21

rings
There. At the heart of the matter he is sculpting in a hand-to-hand struggle, something is breathing him in. Sure enough, that matter cannot be dissociated from the full and voluptuous roundness of a woman’s body, the full outer roundness of her bosom, the hollow inner roundness of her womb. “That I may anew, all in a tangle in the gold flecking of your sand, go to the shore of your body, in the very slow breaking of your unfurling clay rings, and there be lingering.” (St John Perse).

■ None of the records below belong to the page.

(* Let $q=2^r$ with $r>1$ odd, and $n\ge 1$. Let $\alpha\in\mathbb{F}_q\setminus\{0,1\}$, and let $f\in\mathbb{F}_q[y]$ be a permutation polynomial of degree $q-2$. Then $$h(x_1,\dots,x_n,y)=\bigl(x_1^{q-1}\cdots x_n^{q-1}+\alpha\bigr)f(y)$$ is a permutation polynomial in $\mathbb{F}_q[x_1,\dots,x_n,y]$ of degree $n(q-1)+q-2$.
   Context: $\mathbb{F}_q$ is the finite field with $q$ elements. A polynomial in $m$ variables over $\mathbb{F}_q$ is a permutation polynomial (PP) if, for every $c\in\mathbb{F}_q$, the equation $h=c$ has exactly $q^{m-1}$ solutions in $\mathbb{F}_q^m$. A univariate PP is a polynomial inducing a bijection of $\mathbb{F}_q$. *)

From mathcomp Require Import all_boot all_algebra.
From mathcomp Require Import mpoly.
Set Implicit Arguments. Unset Strict Implicit. Unset Printing Implicit Defensive.
Import GRing.Theory.
Local Open Scope ring_scope.

Definition is_univ_pp (F : finFieldType) (f : {poly F}) : Prop :=
  bijective (fun x : F => f.[x]).

Definition is_multi_pp (F : finFieldType) (m : nat) (h : {mpoly F[m]}) : Prop :=
  forall c : F,
    #|[set v : {ffun 'I_m -> F} | h.@[v] == c]| = (#|F| ^ m.-1)%N.

(* The polynomial (x_1^(q-1) ... x_n^(q-1) + alpha) f(y) in n+1 variables;
   x_i is 'X_i for i < n (lifted into 'I_(n+1)) and y is 'X_(ord_max). *)
Definition hpoly (F : finFieldType) (n : nat) (alpha : F) (f : {poly F})
  : {mpoly F[n.+1]} :=
  ((\prod_(i < n) 'X_(widen_ord (leqnSn n) i) ^+ (#|F|.-1)) + alpha%:MP)
  * (map_poly (@mpolyC n.+1 F) f).['X_(@ord_max n)].

From mathcomp Require Import all_boot all_algebra finfield.
From mathcomp Require Import mpoly.
Set Implicit Arguments. Unset Strict Implicit. Unset Printing Implicit Defensive.
Import GRing.Theory.
Local Open Scope ring_scope.

(* Write q = #|F| and split a point of F^(n+1) as (u, y)
   with u in F^n.  By Fermat, x^(q-1) is the indicator of x <> 0, so
   Q(u) = u_1^(q-1) ... u_n^(q-1) only takes the values 0 and 1, and
   h(u, y) = (Q(u) + alpha) f(y).  When alpha and 1 + alpha are nonzero
   (in characteristic 2 this is alpha <> 0, 1), the factor Q(u) + alpha is
   never zero, so for fixed u the map y |-> (Q(u) + alpha) f(y) is a
   bijection of F; hence h = c has exactly one solution over every u, i.e.
   q^n solutions.  For the degree,
   msize is additive (up to the shift by one) on the integral domain of
   multivariate polynomials; the first factor is a monomial of degree
   n(q-1) plus a constant, and the second is f evaluated at a variable, of
   the same degree as f. *)

(* A field has at least two elements, so the exponent q - 1 is positive. *)
Lemma card_pred_gt0 (F : finFieldType) : (0 < #|F|.-1)%N.
Proof. by rewrite -ltnS prednK ?finNzRing_gt1 // ltnW ?finNzRing_gt1. Qed.

Lemma expr_card_pred (F : finFieldType) (x : F) : x ^+ #|F|.-1 = (x != 0)%:R.
Proof.
have [->|x_neq0] := eqVneq x 0; first by rewrite expr0n eqn0Ngt card_pred_gt0.
apply: (mulIf x_neq0).
by rewrite -exprSr prednK ?expf_card ?mul1r // ltnW ?finNzRing_gt1.
Qed.

Definition indicator_prod (F : finFieldType) (n : nat) (u : 'I_n -> F) : F :=
  \prod_(i < n) u i ^+ #|F|.-1.

(* Being a product of indicators, indicator_prod only takes the values 0, 1. *)
Lemma indicator_prod01 (F : finFieldType) (n : nat) (u : 'I_n -> F) :
  indicator_prod u = 0 \/ indicator_prod u = 1.
Proof.
apply: (big_ind (fun x => x = 0 \/ x = 1)); first by right.
  by move=> x y [->|->] [->|->]; rewrite ?mul0r ?mulr0 ?mul1r; auto.
by move=> i _; rewrite expr_card_pred; case: (_ != 0); auto.
Qed.

Definition restr (T : Type) (n : nat) (v : {ffun 'I_n.+1 -> T}) : {ffun 'I_n -> T} :=
  [ffun j => v (widen_ord (leqnSn n) j)].

Lemma lift_max_widen (n : nat) (j : 'I_n) : lift ord_max j = widen_ord (leqnSn n) j.
Proof. by apply: val_inj; rewrite /= /bump leqNgt ltn_ord. Qed.

(* Counting core: if f permutes F and k never vanishes, then for every c the
   equation k(u) f(y) = c has exactly one solution y above each u in F^n. *)
Lemma card_scaled_bijection (F : finFieldType) (n : nat)
    (k : {ffun 'I_n -> F} -> F) (f : F -> F) (c : F) :
  bijective f -> (forall u, k u != 0) ->
  #|[set v : {ffun 'I_n.+1 -> F} | k (restr v) * f (v ord_max) == c]| =
  (#|F| ^ n)%N.
Proof.
move=> [g fK gK] k_neq0; set S := [set v | _].
have restr_inj : {in S &, injective (@restr F n)}.
  move=> v w; rewrite !inE => /eqP hv /eqP hw e_restr.
  have e_last : v ord_max = w ord_max.
    by apply: (can_inj fK); apply: (mulfI (k_neq0 (restr v))); rewrite hv e_restr hw.
  apply/ffunP => i; case: (unliftP ord_max i) => [j ->|->] //.
  by have := congr1 (fun u : {ffun 'I_n -> F} => u j) e_restr; rewrite !ffunE lift_max_widen.
have restr_onto : (@restr F n) @: S = setT.
  apply/setP => u; rewrite inE; apply/imsetP.
  pose v := [ffun i => if unlift ord_max i is Some j then u j else g (c / k u)].
  have restr_v : restr v = u by apply/ffunP => j; rewrite !ffunE -lift_max_widen liftK.
  by exists v; rewrite // inE restr_v ffunE unlift_none gK mulrC divfK.
by rewrite -(card_in_imset restr_inj) restr_onto cardsT card_ffun card_ord.
Qed.

Lemma meval_poly_last (R : comNzRingType) (n : nat) (f : {poly R}) (v : 'I_n.+1 -> R) :
  ((map_poly (@mpolyC n.+1 R) f).['X_(@ord_max n)]).@[v] = f.[v ord_max].
Proof.
rewrite -horner_map /= mevalXU -map_poly_comp.
by rewrite (eq_map_poly (g := id)) ?map_poly_id // => x /=; rewrite mevalC.
Qed.

Lemma meval_hpoly (F : finFieldType) (n : nat) (alpha : F) (f : {poly F})
    (v : {ffun 'I_n.+1 -> F}) :
  (hpoly n alpha f).@[v] = (indicator_prod (restr v) + alpha) * f.[v ord_max].
Proof.
rewrite /hpoly rmorphM rmorphD /= meval_poly_last mevalC rmorph_prod /=.
by congr ((_ + _) * _); apply: eq_bigr => i _; rewrite rmorphXn /= mevalXU ffunE.
Qed.

Lemma hpoly_pp (F : finFieldType) (n : nat) (alpha : F) (f : {poly F}) :
  alpha != 0 -> 1 + alpha != 0 -> is_univ_pp f -> is_multi_pp (hpoly n alpha f).
Proof.
move=> alpha_neq0 alpha1_neq0 f_pp c.
have factor_neq0 (u : {ffun 'I_n -> F}) : indicator_prod u + alpha != 0.
  by case: (indicator_prod01 u) => ->; rewrite ?add0r.
rewrite -(card_scaled_bijection c f_pp factor_neq0).
by apply: eq_card => v; rewrite !inE meval_hpoly.
Qed.

Lemma msize_monomial_addC (R : nzRingType) (n : nat) (m : 'X_{1..n}) (c : R) :
  (0 < mdeg m)%N -> msize ('X_[m] + c%:MP) = (mdeg m).+1.
Proof.
move=> m_gt0; apply/eqP; rewrite eqn_leq; apply/andP; split.
  apply: leq_trans (mmeasureD_le _ _ _) _; rewrite msizeX geq_max leqnn /=.
  by rewrite mmeasureC; case: (_ != 0).
apply: msize_mdeg_lt; rewrite mcoeff_msupp mcoeffD mcoeffX mcoeffC eqxx.
by rewrite -mdeg_eq0 eqn0Ngt m_gt0 mulr0 addr0 oner_neq0.
Qed.

Lemma msize_poly_last (R : nzRingType) (n : nat) (f : {poly R}) :
  msize (map_poly (@mpolyC n.+1 R) f).['X_(@ord_max n)] = size f.
Proof.
pose y : 'X_{1..n.+1} := (U_(@ord_max n))%MM.
have mdeg_y (i : nat) : mdeg (y *+ i) = i by rewrite mdegMn mdeg1 mul1n.
have -> : (map_poly (@mpolyC n.+1 R) f).['X_(@ord_max n)] =
          \sum_(i < size f) f`_i *: 'X_[y *+ i].
  have mpolyC_inj : injective (@mpolyC n.+1 R) by move=> a b /eqP; rewrite mpolyC_eq => /eqP.
  rewrite horner_coef size_map_inj_poly //; apply: eq_bigr => i _.
  by rewrite coef_map /= mul_mpolyC mpolyXn.
have [->|f_neq0] := eqVneq f 0; first by rewrite size_poly0 big_ord0 msize0.
apply/eqP; rewrite eqn_leq; apply/andP; split.
  apply: leq_trans (mmeasure_sum _ _ _ _) _; apply/bigmax_leqP => i _.
  by apply: leq_trans (msizeZ_le _ _) _; rewrite msizeX mdeg_y.
have top_lt : ((size f).-1 < size f)%N by rewrite prednK ?size_poly_gt0.
apply: leq_trans (msize_mdeg_lt (m := y *+ (size f).-1) _); first by rewrite mdeg_y prednK ?size_poly_gt0.
rewrite mcoeff_msupp raddf_sum (bigD1 (Ordinal top_lt)) //=.
rewrite mcoeffZ mcoeffX eqxx mulr1 big1 ?addr0 -?lead_coefE ?lead_coef_eq0 //.
move=> i i_neq_top; rewrite mcoeffZ mcoeffX.
case: eqP => [e|]; last by rewrite mulr0.
by case/eqP: i_neq_top; apply: val_inj; rewrite /= -(mdeg_y i) e mdeg_y.
Qed.

Lemma msize_hpoly (F : finFieldType) (n : nat) (alpha : F) (f : {poly F}) :
  (1 <= n)%N -> f != 0 -> msize (hpoly n alpha f) = (n * #|F|.-1 + size f)%N.
Proof.
move=> n_gt0 f_neq0; rewrite /hpoly mprodXnE; set m := (\sum_(_ < n) _)%MM.
have mdeg_m : mdeg m = (n * #|F|.-1)%N.
  rewrite /m mdeg_sum; under eq_bigr do rewrite mdegMn mdeg1 mul1n.
  by rewrite sum_nat_const card_ord.
have mdeg_m_gt0 : (0 < mdeg m)%N.
  by rewrite mdeg_m muln_gt0 n_gt0 card_pred_gt0.
have msize_neq0 (p : {mpoly F[n.+1]}) : msize p != 0%N -> p != 0.
  by apply: contraNneq => ->; rewrite msize0.
rewrite msizeM ?msize_neq0 ?msize_monomial_addC ?msize_poly_last ?size_poly_eq0 //.
by rewrite mdeg_m.
Qed.

Theorem mainTheorem8 (F : finFieldType) (r n : nat) (alpha : F) (f : {poly F}) :
  #|F| = (2 ^ r)%N -> (1 < r)%N -> odd r -> (1 <= n)%N ->
  alpha != 0 -> alpha != 1 ->
  is_univ_pp f -> size f = (#|F|.-2).+1 ->
  is_multi_pp (hpoly n alpha f) /\
  msize (hpoly n alpha f) = (n * #|F|.-1 + #|F|.-2).+1.
Proof.
move=> cardF r_gt1 _ n_gt0 alpha_neq0 alpha_neq1 f_pp size_f.
have char2 : 2 \in [pchar F] by exact: card_finPcharP cardF isT.
(* In characteristic 2, 1 + alpha = 0 would force alpha = -1 = 1. *)
have alpha1_neq0 : 1 + alpha != 0.
  by rewrite addrC addr_eq0 oppr_pchar2.
have f_neq0 : f != 0 by rewrite -size_poly_gt0 size_f.
split; first exact: hpoly_pp.
by rewrite msize_hpoly // size_f addnS.
Qed.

There : his favourite sculpture. While it shapes up in his eyes and in his hands, those rings bind him up in attachment and keep him so, so that he travels right across the whole spectrum that goes from the infinite to the infinitesimal, for those rings of spellbinding and surpassing greatness can also tighten their narrow grip on him. What an amazing work ! Here he is, grappling with his clay or his stone, hollowing them out, and internalizing them as much as he provides them with an interior; doing so, he becomes enamoured : his innermost depths, his heart of hearts, gets filled up with the love that seized him (é-prendre) and made a dwelling in him. As he now penetrates, he is ushered through the mystery veil into the huge vault of the primitive cave with its entrancing walls, into the nave of that cathedral where a large rose window is enclosed.

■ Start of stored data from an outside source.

Lemma le_Rpower_inv_of_pow_le (x y : R) (m : nat) :
  (0 < m)%nat -> 0 <= x -> x ^ m <= y -> x <= Rpower y (/ INR m).
Proof.
  intros Hm Hx Hxy.
  destruct (Req_dec x 0) as [->|Hx0]; [apply Rlt_le, Rpower_pos|].
  assert (Hm' : 0 < INR m) by (apply lt_0_INR; lia).
  assert (Hxm : 0 < x ^ m) by (apply pow_lt; lra).
  replace x with (Rpower (x ^ m) (/ INR m)) at 1.
  - apply Rle_Rpower_l; [apply Rlt_le, Rinv_0_lt_compat|]; lra.
  - rewrite <- Rpower_pow, Rpower_mult by lra.
    rewrite Rinv_r, Rpower_1 by lra. reflexivity.
Qed.

(* W + (C/e) r^e is nondecreasing, which bounds W from below by a multiple
   of r^e when e > 0 and by a constant when e < 0. *)
Lemma bound_of_derive_between (W W' : R -> R) (C e R0 : R) :
  1 <= R0 -> 0 < C -> e <> 0 ->
  (forall x, R0 <= x -> derivable_pt_lim W x (W' x)) ->
  (forall x, R0 <= x -> - (C * Rpower x (e - 1)) <= W' x <= 0) ->
  exists K, 0 < K /\ forall r, R0 <= r -> Rabs (W r) <= K * Rpower r (Rmax e 0).
Proof.
  intros HR0 HC He HW HW'.
  assert (W_le : forall r, R0 <= r -> W r <= W R0).
  { intros r Hr.
    enough (- W R0 <= - W r) by lra.
    apply (nondecreasing_of_derive_nonneg (fun s => - W s) (fun s => - W' s) R0); try lra.
    - intros x Hx. apply (derivable_pt_lim_opp W), HW; lra.
    - intros x Hx. pose proof (HW' x Hx); lra. }
  set (G := fun s => W s + C / e * Rpower s e).
  assert (G_ge : forall r, R0 <= r -> G R0 <= G r).
  { intros r Hr.
    apply (nondecreasing_of_derive_nonneg G
             (fun s => W' s + C / e * (e * Rpower s (e - 1))) R0); try lra.
    - intros x Hx. apply (derivable_pt_lim_plus W), (derivable_pt_lim_scal (fun s => Rpower s e));
        [apply HW | apply derivable_pt_lim_power]; lra.
    - intros x Hx.
      replace (C / e * (e * Rpower x (e - 1))) with (C * Rpower x (e - 1)) by (field; auto).
      pose proof (HW' x Hx); lra. }
  exists (Rabs (W R0) + Rabs (G R0) + C / Rabs e + 1).
  assert (HCe : 0 < C / Rabs e) by (apply Rdiv_lt_0_compat; [|apply Rabs_pos_lt]; auto).
  pose proof (Rle_abs (W R0)). pose proof (Rle_abs (- G R0)). rewrite Rabs_Ropp in *.
  pose proof (Rabs_pos (W R0)). pose proof (Rabs_pos (G R0)).
  split; [lra|]. intros r Hr.
  pose proof (W_le r Hr). pose proof (G_ge r Hr). unfold G in *.
  pose proof (Rpower_pos r e).
  destruct (Rle_or_lt e 0) as [He0|He0].
  - rewrite Rmax_right, Rpower_O by lra.
    assert (C / e * Rpower r e < 0).
    { assert (/ e < 0) by (apply Rinv_lt_0_compat; lra).
      assert (C * / e < 0) by nra.
      unfold Rdiv. nra. }
    apply Rabs_le; lra.
  - rewrite Rmax_left by lra. rewrite (Rabs_pos_eq e) in HCe |- * by lra.
    pose proof (Rpower_ge1 r e ltac:(lra) ltac:(lra)).
    assert (0 <= C / e * Rpower r e) by (apply Rmult_le_pos; lra).
    apply Rabs_le; split; nra.
Qed.

Lemma decay_of_derivative_bound (f f' : R -> R) (K d R0 : R) :
  0 < R0 -> 0 <= K -> d < 0 ->
  (forall x, R0 <= x -> derivable_pt_lim f x (f' x)) ->
  (forall x, R0 <= x -> - (K * Rpower x (d - 1)) <= f' x) ->
  (forall eta r, 0 < eta -> exists s, r <= s /\ f s < eta) ->
  forall r, R0 <= r -> f r <= - (K / d) * Rpower r d.
Proof.
  intros HR0 HK Hd Hf Hf' Hsmall r Hr.
  set (h := fun s => f s + K / d * Rpower s d).
  assert (h_incr : forall x y, R0 <= x -> x <= y -> h x <= h y).
  { apply (nondecreasing_of_derive_nonneg h
             (fun s => f' s + K / d * (d * Rpower s (d - 1))) R0).
    - intros x Hx. apply (derivable_pt_lim_plus f), (derivable_pt_lim_scal (fun s => Rpower s d));
        [apply Hf | apply derivable_pt_lim_power]; lra.
    - intros x Hx.
      replace (K / d * (d * Rpower x (d - 1))) with (K * Rpower x (d - 1)) by (field; lra).
      pose proof (Hf' x Hx); lra. }
  destruct (Rle_or_lt (h r) 0) as [Hh|Hh]; [unfold h in Hh; lra|].
  destruct (Hsmall (h r) r Hh) as [s [Hs Hfs]].
  pose proof (h_incr r s Hr Hs). unfold h in *.
  pose proof (Rpower_pos s d).
  assert (/ d < 0) by (apply Rinv_lt_0_compat; lra).
  assert (K / d * Rpower s d <= 0).
  { assert (K / d <= 0) by (unfold Rdiv; nra). nra. }
  lra.
Qed.

Definition flux (n k : nat) (du : R -> R) (s : R) : R :=
  s ^ (n - k) * Rabs (du s) ^ (k - 1) * du s.

Section Bootstrap.

Variables (n k : nat) (p c : R) (u du : R -> R).
Hypotheses (k_ge1 : (1 <= k)%nat) (k_le_n : (k <= n)%nat) (p_gt0 : 0 < p) (c_gt0 : 0 < c).
Hypothesis u_pos : forall r, 0 < r -> 0 < u r.
Hypothesis u_deriv : forall r, 0 < r -> derivable_pt_lim u r (du r).
Hypothesis flux_deriv : forall r, 0 < r ->
  derivable_pt_lim (flux n k du) r (- c * (r ^ (n - 1) * Rpower (u r) p)).

Definition decays_like (b : R) : Prop :=
  exists M R0, 1 <= R0 /\ 0 < M /\ forall r, R0 <= r -> u r <= M * Rpower r b.

Lemma decays_like_le b b' : decays_like b -> b <= b' -> decays_like b'.
Proof.
  intros [M [R0 [HR0 [HM Hu]]]] Hb. exists M, R0. split; [|split]; auto.
  intros r Hr. pose proof (Hu r Hr).
  pose proof (Rle_Rpower r b b' ltac:(lra) Hb). nra.
Qed.

Lemma decays_like_of_bigO_infty b : bigO_infty u b -> decays_like b.
Proof.
  intros [M [R0 Hu]].
  set (R1 := Rmax 1 (R0 + 1)).
  assert (HR1 : 1 <= R1) by apply Rmax_l.
  assert (HR01 : R0 + 1 <= R1) by apply Rmax_r.
  assert (Hu' : forall r, R1 <= r -> u r <= M * Rpower r b).
  { intros r Hr. pose proof (Hu r ltac:(lra)) as Hur.
    rewrite Rabs_pos_eq in Hur by (apply Rlt_le, u_pos; lra). exact Hur. }
  exists M, R1. split; [exact HR1|split; [|exact Hu']].
  pose proof (Hu' R1 (Rle_refl _)). pose proof (u_pos R1 ltac:(lra)).
  pose proof (Rpower_pos R1 b). nra.
Qed.

Lemma bigO_infty_of_decays_like b : decays_like b -> bigO_infty u b.
Proof.
  intros [M [R0 [HR0 [HM Hu]]]]. exists M, R0. intros r Hr.
  rewrite Rabs_pos_eq by (apply Rlt_le, u_pos; lra). apply Hu; lra.
Qed.

Lemma Rabs_flux r : 0 < r -> Rabs (flux n k du r) = r ^ (n - k) * Rabs (du r) ^ k.
Proof.
  intros Hr. unfold flux.
  rewrite !Rabs_mult, <- !RPow_abs, Rabs_pos_eq, Rabs_Rabsolu by lra.
  rewrite Rmult_assoc. f_equal.
  rewrite <- (pow_1 (Rabs (du r))) at 2.
  rewrite <- pow_add, Nat.sub_add by lia. reflexivity.
Qed.

Lemma source_le (M b R0 : R) :
  1 <= R0 -> (forall r, R0 <= r -> u r <= M * Rpower r b) ->
  forall r, R0 <= r ->
    r ^ (n - 1) * Rpower (u r) p <= Rpower M p * Rpower r (INR n + p * b - 1).
Proof.
  intros HR0 Hu r Hr.
  assert (Hur : 0 < u r) by (apply u_pos; lra).
  assert (HM : 0 < M * Rpower r b) by (pose proof (Hu r Hr); lra).
  assert (Hupow : Rpower (u r) p <= Rpower M p * Rpower r (b * p)).
  { assert (HM0 : 0 < M) by (pose proof (Rpower_pos r b); nra).
    rewrite <- Rpower_mult, Rpower_mult_distr by (auto; apply Rpower_pos).
    apply Rle_Rpower_l; [lra|]. split; [lra|]. apply Hu; lra. }
  rewrite <- (Rpower_pow (n - 1) r), minus_INR by (lra || lia).
  replace (INR n + p * b - 1) with ((INR n - INR 1) + b * p) by (simpl; ring).
  rewrite Rpower_plus.
  pose proof (Rpower_pos r (INR n - INR 1)). nra.
Qed.

Lemma decay_step b d :
  decays_like b -> b < 0 -> INR n + p * b <> 0 ->
  d = (Rmax (INR n + p * b) 0 - INR n + 2 * INR k) / INR k -> d < 0 ->
  decays_like d.
Proof.
  intros [M [R0 [HR0 [HM Hu]]]] Hb He Hd Hd0.
  assert (Hk : 0 < INR k) by (apply lt_0_INR; lia).
  set (E := Rmax (INR n + p * b) 0) in Hd.
  destruct (bound_of_derive_between (flux n k du)
              (fun x => - c * (x ^ (n - 1) * Rpower (u x) p))
              (c * Rpower M p) (INR n + p * b) R0) as [K [HK Hflux]]; auto.
  { pose proof (Rpower_pos M p). nra. }
  { intros x Hx. apply flux_deriv; lra. }
  { intros x Hx. pose proof (source_le M b R0 HR0 Hu x Hx).
    assert (0 <= x ^ (n - 1) * Rpower (u x) p).
    { apply Rmult_le_pos; [apply pow_le | apply Rlt_le, Rpower_pos]; lra. }
    split; nra. }
  set (K' := Rpower K (/ INR k)).
  assert (Hdu : forall r, R0 <= r -> Rabs (du r) <= K' * Rpower r (d - 1)).
  { intros r Hr.
    replace (K' * Rpower r (d - 1))
      with (Rpower (K * Rpower r (E - INR n + INR k)) (/ INR k)).
    2:{ unfold K'. rewrite <- Rpower_mult_distr, Rpower_mult by (auto; apply Rpower_pos).
        do 2 f_equal. rewrite Hd. field. lra. }
    apply le_Rpower_inv_of_pow_le; [lia | apply Rabs_pos |].
    pose proof (Hflux r Hr) as Hr'. rewrite Rabs_flux in Hr' by lra.
    replace (Rmax (INR n + p * b) 0) with ((INR n - INR k) + (E - INR n + INR k)) in Hr'
      by (unfold E; ring).
    rewrite Rpower_plus, <- minus_INR, Rpower_pow in Hr' by (lia || lra).
    pose proof (pow_lt r (n - k) ltac:(lra)).
    pose proof (Rpower_pos r (E - INR n + INR k)). nra. }
  assert (HK' : 0 < K') by apply Rpower_pos.
  exists (- (K' / d)), R0. split; [lra|split].
  { assert (/ d < 0) by (apply Rinv_lt_0_compat; lra). unfold Rdiv. nra. }
  apply (decay_of_derivative_bound u du K' d R0); try lra.
  - intros x Hx. apply u_deriv; lra.
  - intros x Hx. pose proof (Hdu x Hx). pose proof (Rle_abs (- du x)).
    rewrite Rabs_Ropp in *. lra.
  - intros eta r Heta.
    destruct (Rpower_neg_eventually_lt M b eta (Rmax r R0) HM Hb Heta)
      as [s [Hs Hsmall]]; [pose proof (Rmax_r r R0); lra|].
    pose proof (Rmax_l r R0). pose proof (Rmax_r r R0).
    exists s. split; [lra|]. pose proof (Hu s ltac:(lra)). lra.
Qed.

Hypothesis p_supercritical : INR n * INR k < p * (INR n - 2 * INR k).

Let k_pos : 0 < INR k.
Proof. apply lt_0_INR; lia. Qed.

Let n_gt_2k : 0 < INR n - 2 * INR k.
Proof.
  assert (0 < INR n * INR k) by (apply Rmult_lt_0_compat; [apply lt_0_INR; lia | exact k_pos]).
  nra.
Qed.

Let k_lt_p : INR k < p.
Proof. pose proof n_gt_2k. pose proof k_pos. nra. Qed.

(* Once n + pb <= 0, raise b slightly so that n + pb > 0 is small: one step
   then lands at an exponent d with n + pd < 0, and a second step reaches
   (2k - n)/k. *)
Lemma decays_critical_of_fast_decay b :
  decays_like b -> INR n + p * b <= 0 -> decays_like ((2 * INR k - INR n) / INR k).
Proof.
  intros Hb Hnb.
  pose proof k_pos. pose proof n_gt_2k.
  set (Q := p * (INR n - 2 * INR k) - INR n * INR k).
  set (X := Rmin (INR n - 2 * INR k) (Q / p)).
  assert (HX : 0 < X).
  { apply Rmin_glb_lt; [lra | apply Rdiv_lt_0_compat; unfold Q; lra]. }
  assert (HX1 : X <= INR n - 2 * INR k) by apply Rmin_l.
  assert (HX2 : p * X <= Q).
  { pose proof (Rmin_r (INR n - 2 * INR k) (Q / p)) as HXQ. fold X in HXQ.
    apply (Rmult_le_compat_l p) in HXQ; [|lra].
    replace (p * (Q / p)) with Q in HXQ by (field; lra). lra. }
  set (b1 := (X / 2 - INR n) / p).
  assert (Hb1 : p * b1 = X / 2 - INR n) by (unfold b1; field; lra).
  set (d1 := (X / 2 - INR n + 2 * INR k) / INR k).
  assert (Hd1 : INR k * d1 = X / 2 - INR n + 2 * INR k) by (unfold d1; field; lra).
  assert (Hdecay1 : decays_like d1).
  { apply (decay_step b1); [apply (decays_like_le b); [exact Hb | nra] | nra | lra | | nra].
    rewrite Hb1, Rmax_left by lra. unfold d1. f_equal. ring. }
  assert (Hsource : INR n + p * d1 < 0).
  { enough (INR k * (INR n + p * d1) < 0) by nra.
    replace (INR k * (INR n + p * d1)) with (INR n * INR k + p * (INR k * d1)) by ring.
    rewrite Hd1. unfold Q in HX2. nra. }
  apply (decay_step d1); [exact Hdecay1 | nra | lra | | ].
  - rewrite Rmax_right by lra. f_equal. ring.
  - assert (0 < / INR k) by (apply Rinv_0_lt_compat; lra). unfold Rdiv. nra.
Qed.

(* The step map b |-> (pb + 2k)/k has fixed point -2k/(p-k) and slope
   p/k > 1, so below the fixed point by eps it lowers b by at least
   (p-k) eps / k. *)
Lemma decays_critical_of_below_fixed_point eps N b :
  0 < eps -> b <= - (2 * INR k / (p - INR k)) - eps ->
  b + INR n / p <= INR N * ((p - INR k) * eps / INR k) ->
  decays_like b -> decays_like ((2 * INR k - INR n) / INR k).
Proof.
  pose proof k_pos. pose proof k_lt_p.
  set (g := (p - INR k) * eps / INR k).
  intros Heps. assert (Hg : 0 < g) by (apply Rdiv_lt_0_compat; nra).
  revert b; induction N as [|N IH]; intros b Hb HbN Hdecay.
  - apply (decays_critical_of_fast_decay b Hdecay).
    simpl in HbN. apply (Rmult_le_compat_l p) in HbN; [|lra].
    replace (p * (b + INR n / p)) with (INR n + p * b) in HbN by (field; lra). lra.
  - destruct (Rle_or_lt (INR n + p * b) 0) as [Hfast|Hslow].
    { exact (decays_critical_of_fast_decay b Hdecay Hfast). }
    set (d := (p * b + 2 * INR k) / INR k).
    assert (Hdrop : d <= b - g).
    { enough (INR k * (d - b + g) <= 0) by nra.
      replace (INR k * (d - b + g))
        with ((p - INR k) * (b - (- (2 * INR k / (p - INR k)) - eps)))
        by (unfold d, g; field; lra).
      nra. }
    assert (Hbneg : b < 0).
    { assert (0 < 2 * INR k / (p - INR k)) by (apply Rdiv_lt_0_compat; lra). lra. }
    apply (IH d); [lra | rewrite S_INR in HbN; lra |].
    apply (decay_step b); [exact Hdecay | exact Hbneg | lra | | lra].
    rewrite Rmax_left by lra. unfold d. f_equal. ring.
Qed.

Lemma decays_critical eps :
  0 < eps -> decays_like (- (2 * INR k / (p - INR k)) - eps) ->
  decays_like ((2 * INR k - INR n) / INR k).
Proof.
  intros Heps Hdecay. pose proof k_pos. pose proof k_lt_p.
  assert (Hg : (p - INR k) * eps / INR k > 0) by (apply Rdiv_lt_0_compat; nra).
  destruct (INR_archimed _ (- (2 * INR k / (p - INR k)) - eps + INR n / p) Hg) as [N HN].
  apply (decays_critical_of_below_fixed_point eps N (- (2 * INR k / (p - INR k)) - eps) Heps);
    [lra | lra | exact Hdecay].
Qed.

End Bootstrap.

Ushered even farther up a stream of millions of linking up years, into the vastness of space, with its planet rings, its galaxies coiling up in scrolls … What else is he sculpting but those immensities that he tries to proportion to his own human scale and convey in a slim rod of a moulding, in a humble scooped-out ring-shaped material, “this hard circular matter that binds one up in attachment and keeps one so” as does the nuptial ring on one’s finger, as does her womanly embrace round his manly happiness ? A song then rises, a Song of Songs by a “king held captive in (the Shulamite’s) tresses”. (in The Jerusalem Bible, Ch 7, v 6,).